The result is "Greene & Greene in Long Beach," which features pieces on loan from the trust as well as from the Greene & Greene-Reeve House Trust. Among them are a double sconce of leaded glass from the Reeve house, and an ash desk and a pair of leaded glass windows from the Tichenor house.

Two pieces evoke the sea: a photograph of a harbor scene in a frame designed by Henry Mather Greene (circa 1906) and a horizontal Port Orford cedar panel of an ocean scene designed and carved by Charles Sumner Greene (circa 1926). A desk, chairs, chest of drawers, a side table, lantern and andirons also are included.

Although the museum's yearlong agreement with the trust expires in October, Nelson says it's likely the 12 pieces associated with the Long Beach homes will remain at the museum in perpetuity.

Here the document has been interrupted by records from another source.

Lemma flip_orbit_local m (t u : 'I_m -> point) :
  (forall w : 'I_N -> 'I_m, exists2 h, even_flip h & forall j, flip h (t (w j)) = u (w j)) ->
  exists2 g, even_flip g & forall k, flip g (t k) = u k.
Proof.
move=> local; have col k : (t k).2 = (u k).2.
  by have [h _ /(_ ord0) <-] := local (fun=> k).
pose d k := (t k).1 (+) (u k).1.
have flipP h k : flip h (t k) = u k <-> h (t k).2 = d k := flip_eqE h (col k).
have d_col k k' : (t k).2 = (t k').2 -> d k = d k'.
  move=> kk'; have [n0 | n_gt0] := posnP n.
    have [h h_even /(_ ord0) /flipP <-] := local (fun=> k).
    have [h' h'_even /(_ ord0) /flipP <-] := local (fun=> k').
    by rewrite !even_flip_trivial.
  have [h _ hP] := local (fun j => if j == ord0 then k else k').
  by move: (hP ord0) (hP (Ordinal (n_gt0 : 1 < N))) => /= /flipP <- /flipP <-; rewrite kk'.
pose delta i := if [pick k | (t k).2 == i] is Some k then d k else false.
have deltaP k : delta (t k).2 = d k.
  by rewrite /delta; case: pickP => [k' /eqP/d_col // | /(_ k)]; rewrite eqxx.
suff [g g_even g_delta] : exists2 g, even_flip g & forall k, g (t k).2 = delta (t k).2.
  by exists g => // k; apply/flipP; rewrite g_delta deltaP.
have [c c_missed | all_hit] := pickP [pred i | ~~ [exists k, (t k).2 == i]].
  have [g g_even g_delta] := even_flip_agree_off c delta; exists g => // k.
  by apply: g_delta; apply: contraNneq c_missed => tkc; apply/existsP; exists k; rewrite tkc.
have rep_ex i : exists k, (t k).2 == i by apply/existsP/negbFE; apply: all_hit.
have [h h_even hP] := local (fun i => xchoose (rep_ex i)); exists h => // k.
have /eqP rep_col := xchooseP (rep_ex (t k).2).
by move: (hP (t k).2) => /flipP; rewrite rep_col => ->; rewrite -deltaP rep_col.
Qed.

Definition orbit_atom (V : seq nat) (f : 'I_(size V) -> point) (w : 'I_N -> 'I_(size V)) :
    formula flip_sig :=
  @fRel flip_sig (fun a => a = f \o w) (fun j => tvar (nth 0 V (w j))).

Lemma sat_orbit_atom V f w (s : nat -> flip_struct) :
  sat s (@orbit_atom V f w) <->
  exists2 h, even_flip h & forall j, flip h (s (nth 0 V (w j))) = f (w j).
Proof.
split=> -[h h_even hP]; exists h => //; first by move=> j; have /= := congr1 (@^~ j) hP.
exact: functional_extensionality.
Qed.

Lemma nfv_orbit_atom V f w : nfv (@orbit_atom V f w) <= N.
Proof.
have size_vars : size [seq nth 0 V (w j) | j <- enum 'I_N] = N.
  by rewrite size_map size_enum_ord.
rewrite /nfv -[X in _ <= X]size_vars.
apply: uniq_leq_size (undup_uniq _) _ => v; rewrite mem_undup.
by case/flatten_mapP=> j _; rewrite inE => /eqP->; apply: map_f; rewrite mem_enum.
Qed.

Definition orbit_diagram (V : seq nat) (f : 'I_(size V) -> point) : formula flip_sig :=
  big_and [seq orbit_atom f w | w : {ffun 'I_N -> 'I_(size V)} <- enum {ffun 'I_N -> 'I_(size V)}].

Lemma bool_comb_orbit_diagram V f : bool_comb (fun r => nfv r <= N) (@orbit_diagram V f).
Proof. by apply: bool_comb_big_and => w; apply: nfv_orbit_atom. Qed.

Lemma sat_orbit_diagram V f (s : nat -> flip_struct) :
  sat s (@orbit_diagram V f) <->
  exists2 g, even_flip g & forall k : 'I_(size V), flip g (s (nth 0 V k)) = f k.
Proof.
rewrite /orbit_diagram sat_big_and; split=> [all_atoms | [g g_even gP] w _].
  apply: flip_orbit_local => w.
  have /sat_orbit_atom [h h_even hP] := all_atoms [ffun j => w j] (mem_enum _ _).
  by exists h => // j; have := hP j; rewrite ffunE.
by apply/sat_orbit_atom; exists g.
Qed.

Definition realizes (p : formula flip_sig) (f : {ffun 'I_(size (fv p)) -> point}) : Prop :=
  exists2 s : nat -> flip_struct, sat s p & forall k : 'I_(size (fv p)), s (nth 0 (fv p) k) = f k.
Arguments realizes : clear implicits.

Lemma sat_orbit_diagrams p (s : nat -> flip_struct) :
  sat s p <-> exists f : {ffun 'I_(size (fv p)) -> point},
    realizes p f /\ sat s (orbit_diagram f).
Proof.
split=> [sp | [f [[s' s'p s'f] /sat_orbit_diagram [g g_even gP]]]].
  exists [ffun k : 'I_(size (fv p)) => s (nth 0 (fv p) k)].
  split; first by exists s => // k; rewrite ffunE.
  by apply/sat_orbit_diagram; exists (fun=> false) => [|k]; rewrite ?even_flip0 ?flip0 ?ffunE.
apply/(sat_automorphism (flip_automorphism g_even)); apply: (sat_coinc _).1 s'p => v vp.
have v_idx : index v (fv p) < size (fv p) by rewrite index_mem.
by have := gP (Ordinal v_idx); rewrite -s'f /= nth_index.
Qed.

Lemma flip_bool_comb p :
  exists2 q, bool_comb (fun r => nfv r <= N) q & T_equiv (Th flip_struct) p q.
Proof.
have [q [Qq sat_q]] := bool_comb_disj flip_struct (realizes p)
  (enum {ffun 'I_(size (fv p)) -> point}) (@bool_comb_orbit_diagram (fv p)).
exists q => //; apply/T_equiv_ThP => s; rewrite sat_q sat_orbit_diagrams.
by split=> [[f f_p] | [f _ f_p]]; [exists f; rewrite ?mem_enum | exists f].
Qed.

The Reeve and Tichenor houses are significant, Nelson says, because they were among the first residences Greene & Greene designed with a comprehensive approach that included furniture, lighting fixtures and hardware, as well as the design of the house.

Tichenor, the widow of a wealthy lumber merchant, became a well-known philanthropist and in 1896 founded the Long Beach Ebell Club, a women's cultural and service organization. Her friend Jennie Reeve was considered a progressive businesswoman in real estate and investments. She served on the board of the Long Beach Library Assn., where she and Tichenor helped raise money to build the city's first public library.

In 1902, "when the library became a municipal entity, women didn't have the vote, and the two were booted off the board," Nelson says. "But they continued to do good work for the community."

Bosley, who advocated loaning the furniture to the museum, says he and Nelson had discussed the idea for a show long before the Sotheby's sale.

"The Guardian Trust is a very happy occurrence, in my view, because the collection can now be kept together and taken out of the realm of speculation," Bosley says.

Wells, a trustee of the Guardian Trust, says the organization's goals are to be stewards of decorative objects, primarily those created by the Greenes, and to further education about the Arts and Crafts period. A primary goal is to get pieces off the market and back into the houses they were designed for, he says.

"The pieces were created for certain houses and were not intended to be put on a pedestal as objects," he says. "It's about the beauty of the items and how they relate to the space and design of the houses they were designed for."